** SOURCE RECORDS follows **
Lemma dA_lower y : 1 <= y -> 13 / 2304 * / y ^ 5 <= dA y.
Proof.
  intros Hy. rewrite dA_certificate by lra.
  assert (H1 := recip_mono_pos 1 3 3 2 y ltac:(lra)).
  assert (H3 := recip_mono_pos 1 0 3 1 y ltac:(lra)).
  assert (H4 := recip_mono_pos 1 0 2 2 y ltac:(lra)).
  assert (H2 : / (96 * y ^ 5) <= recip_mono 1 1 1 2 y).
  { unfold recip_mono. apply Rinv_le_contravar.
    - repeat apply Rmult_lt_0_compat; try apply pow_lt; lra.
    - replace (96 * y ^ 5) with (y * (2 * y) * (3 * y) * (4 * y) ^ 2) by ring.
      rewrite !pow_1.
      assert (Sq : (y + 3) ^ 2 <= (4 * y) ^ 2) by (apply pow_incr; lra).
      assert (0 <= (y + 3) ^ 2) by (apply pow_le; lra).
      assert (y * (y + 1) * (y + 2) <= y * (2 * y) * (3 * y)) by (apply Rmult_le_compat; nra).
      apply Rmult_le_compat; nra. }
  replace (13 / 2304 * / y ^ 5) with (13 / 24 * / (96 * y ^ 5)) by (field; lra).
  lra.
Qed.

Lemma d4_minus_dA_neg (d y : R) : 0 < d -> 1 + 14 * 2304 / (13 * d) <= y -> d4 y - d * dA y < 0.
Proof.
  intros Hd Hy.
  assert (HC : 0 < 14 * 2304 / (13 * d)) by (apply Rdiv_lt_0_compat; lra).
  assert (Up := d4_upper y ltac:(lra)). assert (Lo := dA_lower y ltac:(lra)).
  assert (He : 0 < / y ^ 5) by (apply Rinv_0_lt_compat, pow_lt; lra).
  replace (/ y ^ 6) with (/ y ^ 5 * / y) in Up by (simpl; field; lra).
  set (e := / y ^ 5) in *.
  assert (Hyi : / y < 13 * d / (14 * 2304)).
  { replace (13 * d / (14 * 2304)) with (/ (14 * 2304 / (13 * d))) by (field; lra).
    apply Rinv_lt_contravar; nra. }
  assert (14 * (e * / y) < d * (13 / 2304 * e)).
  { apply Rlt_le_trans with (14 * e * (13 * d / (14 * 2304))); [|right; field].
    rewrite <- Rmult_assoc. apply Rmult_lt_compat_l; lra. }
  assert (d * (13 / 2304 * e) <= d * dA y) by (apply Rmult_le_compat_l; lra).
  lra.
Qed.

Lemma necessity_ge4 lam : CM (fun x => - F_lam lam x) -> 4 <= lam.
Proof.
  intros H. destruct (Rle_or_lt 4 lam) as [Hl|Hl]; [exact Hl|]. exfalso.
  set (d := 4 - lam). assert (Hd : 0 < d) by (unfold d; lra).
  set (Y := 1 + 14 * 2304 / (13 * d)).
  assert (HY : 1 < Y) by (unfold Y; assert (0 < 14 * 2304 / (13 * d)) by (apply Rdiv_lt_0_compat; lra); lra).
  assert (Series : Un_cv (fun N => trans_sum (fun y => d4 y - d * dA y) N Y) (- F_lam lam Y)).
  { apply (Un_cv_ext (fun N => 1 * trans_sum d4 N Y - d * trans_sum dA N Y)).
    - intros N. symmetry. apply trans_sum_lin. intros z. ring.
    - replace (- F_lam lam Y) with (1 * (4 * A_rat Y - 1 * F0 Y) - d * A_rat Y)
        by (rewrite F_lam_split by lra; unfold d; ring).
      apply CV_minus; apply Un_cv_scal; [apply d4_series|apply A_rat_series]; lra. }
  assert (Bound := trans_sum_limit_le_first _ Y _ Series
                     (fun y Hy => Rlt_le _ _ (d4_minus_dA_neg d y Hd ltac:(unfold Y in *; lra)))).
  assert (Neg := d4_minus_dA_neg d Y Hd ltac:(unfold Y; lra)).
  assert (Pos := CM_nonneg _ H Y ltac:(lra)). simpl in Pos. lra.
Qed.

Theorem mainTheorem7 (lam : R) :
  (completely_monotonic_pos (F_lam lam) <-> lam <= 0) /\
  (completely_monotonic_pos (fun x => - F_lam lam x) <-> 4 <= lam).
Proof.
  split; split.
  - apply necessity_nonpos.
  - apply CM_F_lam.
  - apply necessity_ge4.
  - apply CM_opp_F_lam.
Qed.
** End of SOURCE RECORDS **
__PROBLEM REQUIREMENTS__
Write the records again exactly as they stand.

__EXERCISE OUTPUT__
Lemma dA_lower y : 1 <= y -> 13 / 2304 * / y ^ 5 <= dA y.
Proof.
  intros Hy. rewrite dA_certificate by lra.
  assert (H1 := recip_mono_pos 1 3 3 2 y ltac:(lra)).
  assert (H3 := recip_mono_pos 1 0 3 1 y ltac:(lra)).
  assert (H4 := recip_mono_pos 1 0 2 2 y ltac:(lra)).
  assert (H2 : / (96 * y ^ 5) <= recip_mono 1 1 1 2 y).
  { unfold recip_mono. apply Rinv_le_contravar.
    - repeat apply Rmult_lt_0_compat; try apply pow_lt; lra.
    - replace (96 * y ^ 5) with (y * (2 * y) * (3 * y) * (4 * y) ^ 2) by ring.
      rewrite !pow_1.
      assert (Sq : (y + 3) ^ 2 <= (4 * y) ^ 2) by (apply pow_incr; lra).
      assert (0 <= (y + 3) ^ 2) by (apply pow_le; lra).
      assert (y * (y + 1) * (y + 2) <= y * (2 * y) * (3 * y)) by (apply Rmult_le_compat; nra).
      apply Rmult_le_compat; nra. }
  replace (13 / 2304 * / y ^ 5) with (13 / 24 * / (96 * y ^ 5)) by (field; lra).
  lra.
Qed.

Lemma d4_minus_dA_neg (d y : R) : 0 < d -> 1 + 14 * 2304 / (13 * d) <= y -> d4 y - d * dA y < 0.
Proof.
  intros Hd Hy.
  assert (HC : 0 < 14 * 2304 / (13 * d)) by (apply Rdiv_lt_0_compat; lra).
  assert (Up := d4_upper y ltac:(lra)). assert (Lo := dA_lower y ltac:(lra)).
  assert (He : 0 < / y ^ 5) by (apply Rinv_0_lt_compat, pow_lt; lra).
  replace (/ y ^ 6) with (/ y ^ 5 * / y) in Up by (simpl; field; lra).
  set (e := / y ^ 5) in *.
  assert (Hyi : / y < 13 * d / (14 * 2304)).
  { replace (13 * d / (14 * 2304)) with (/ (14 * 2304 / (13 * d))) by (field; lra).
    apply Rinv_lt_contravar; nra. }
  assert (14 * (e * / y) < d * (13 / 2304 * e)).
  { apply Rlt_le_trans with (14 * e * (13 * d / (14 * 2304))); [|right; field].
    rewrite <- Rmult_assoc. apply Rmult_lt_compat_l; lra. }
  assert (d * (13 / 2304 * e) <= d * dA y) by (apply Rmult_le_compat_l; lra).
  lra.
Qed.

Lemma necessity_ge4 lam : CM (fun x => - F_lam lam x) -> 4 <= lam.
Proof.
  intros H. destruct (Rle_or_lt 4 lam) as [Hl|Hl]; [exact Hl|]. exfalso.
  set (d := 4 - lam). assert (Hd : 0 < d) by (unfold d; lra).
  set (Y := 1 + 14 * 2304 / (13 * d)).
  assert (HY : 1 < Y) by (unfold Y; assert (0 < 14 * 2304 / (13 * d)) by (apply Rdiv_lt_0_compat; lra); lra).
  assert (Series : Un_cv (fun N => trans_sum (fun y => d4 y - d * dA y) N Y) (- F_lam lam Y)).
  { apply (Un_cv_ext (fun N => 1 * trans_sum d4 N Y - d * trans_sum dA N Y)).
    - intros N. symmetry. apply trans_sum_lin. intros z. ring.
    - replace (- F_lam lam Y) with (1 * (4 * A_rat Y - 1 * F0 Y) - d * A_rat Y)
        by (rewrite F_lam_split by lra; unfold d; ring).
      apply CV_minus; apply Un_cv_scal; [apply d4_series|apply A_rat_series]; lra. }
  assert (Bound := trans_sum_limit_le_first _ Y _ Series
                     (fun y Hy => Rlt_le _ _ (d4_minus_dA_neg d y Hd ltac:(unfold Y in *; lra)))).
  assert (Neg := d4_minus_dA_neg d Y Hd ltac:(unfold Y; lra)).
  assert (Pos := CM_nonneg _ H Y ltac:(lra)). simpl in Pos. lra.
Qed.

Theorem mainTheorem7 (lam : R) :
  (completely_monotonic_pos (F_lam lam) <-> lam <= 0) /\
  (completely_monotonic_pos (fun x => - F_lam lam x) <-> 4 <= lam).
Proof.
  split; split.
  - apply necessity_nonpos.
  - apply CM_F_lam.
  - apply necessity_ge4.
  - apply CM_opp_F_lam.
Qed.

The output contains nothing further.